Parameter estimation of default portfolios using the Merton model and Phase transition

TL;DR

This paper explores phase transitions in default probability estimation using the Merton model, revealing slow convergence issues linked to power-law decay of correlations, impacting parameter estimation accuracy.

Contribution

It introduces a phase transition analysis within the Merton model framework, highlighting the effects of power-law decay on default probability estimation and convergence behavior.

Findings

Phase transition occurs when temporal correlation decays by power law.

PD estimator converges slowly when the power index is less than one.

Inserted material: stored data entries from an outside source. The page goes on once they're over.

(* Let $K$ be a field of characteristic $p>0$ such that $K/k$ is a finitely generated field extension, where $k=\bigcap_{n\ge0}K^{p^n}$. There is a bijection between power towers on $K$ and $K$-subalgebras $\mathcal{D}$ with $K\subseteq\mathcal{D}\subseteq\operatorname{Diff}_k(K)$, given by $W_\bullet\mapsto\operatorname{Diff}_{W_\bullet}(K):=\bigcup_{n\ge0}\operatorname{Diff}_{W_n}(K)$, with inverse $\mathcal{D}\mapsto(W_n)_{n\ge 0}$, $W_n=\{x\in K: xE=Ex\ \forall E\in\mathcal{D}_n\}$, where $\mathcal{D}_n=\mathcal{D}\cap\operatorname{Diff}_{K^{p^n}}(K)$. Moreover, $\dim_K(\mathcal{D}_i)=\dim_{W_i}(K)$ for all $i\ge 0$.
   Context: A power tower on $K$ is a sequence of subfields $W_0,W_1,\ldots$ of $K$ with $W_j=W_i\cdot K^{p^j}$ whenever $j\le i$ ($\cdot$ = compositum in $K$). For subfields $A\subseteq B$, $\operatorname{Diff}_A(B)$ is the union over $n\ge0$ of the sets of $A$-linear maps $D:B\to B$ with $[b_0,[b_1,[\ldots,[b_n,D]\ldots]]]=0$ for all $b_i\in B$ (elements of $B$ acting by multiplication, $[X,Y]=XY-YX$); it is a subalgebra of $\operatorname{End}_A(B)$ containing $B$. *)

From mathcomp Require Import all_boot all_algebra.
Set Implicit Arguments. Unset Strict Implicit. Unset Printing Implicit Defensive.
Import GRing.Theory.
Local Open Scope ring_scope.

Section PowerTowers.
Variable K : fieldType.

Definition is_subfield (S : K -> Prop) : Prop :=
  [/\ S 0, S 1,
      (forall x y, S x -> S y -> S (x - y)),
      (forall x y, S x -> S y -> S (x * y)) &
      (forall x, S x -> S x^-1)].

Empirical data suggests PD has long memory, complicating estimation.

Abstract

We discuss the parameter estimation of the probability of default (PD), the correlation between the obligors, and a phase transition. In our previous work, we studied the problem using the beta-binomial distribution. A non-equilibrium phase transition with an order parameter occurs when the temporal correlation decays by power law. In this article, we adopt the Merton model, which uses an asset correlation as the default correlation, and find that a phase transition occurs when the temporal correlation decays by power law. When the power index is less than one, the PD estimator converges slowly. Thus, it is difficult to estimate PD with limited historical data. Conversely, when the power index is greater than one, the convergence speed is inversely proportional to the number of samples. We investigate the empirical default data history of several rating agencies. The estimated power index is in the slow convergence range when we use long history data. This suggests that PD could have a long memory and that it is difficult to estimate parameters due to slow convergence.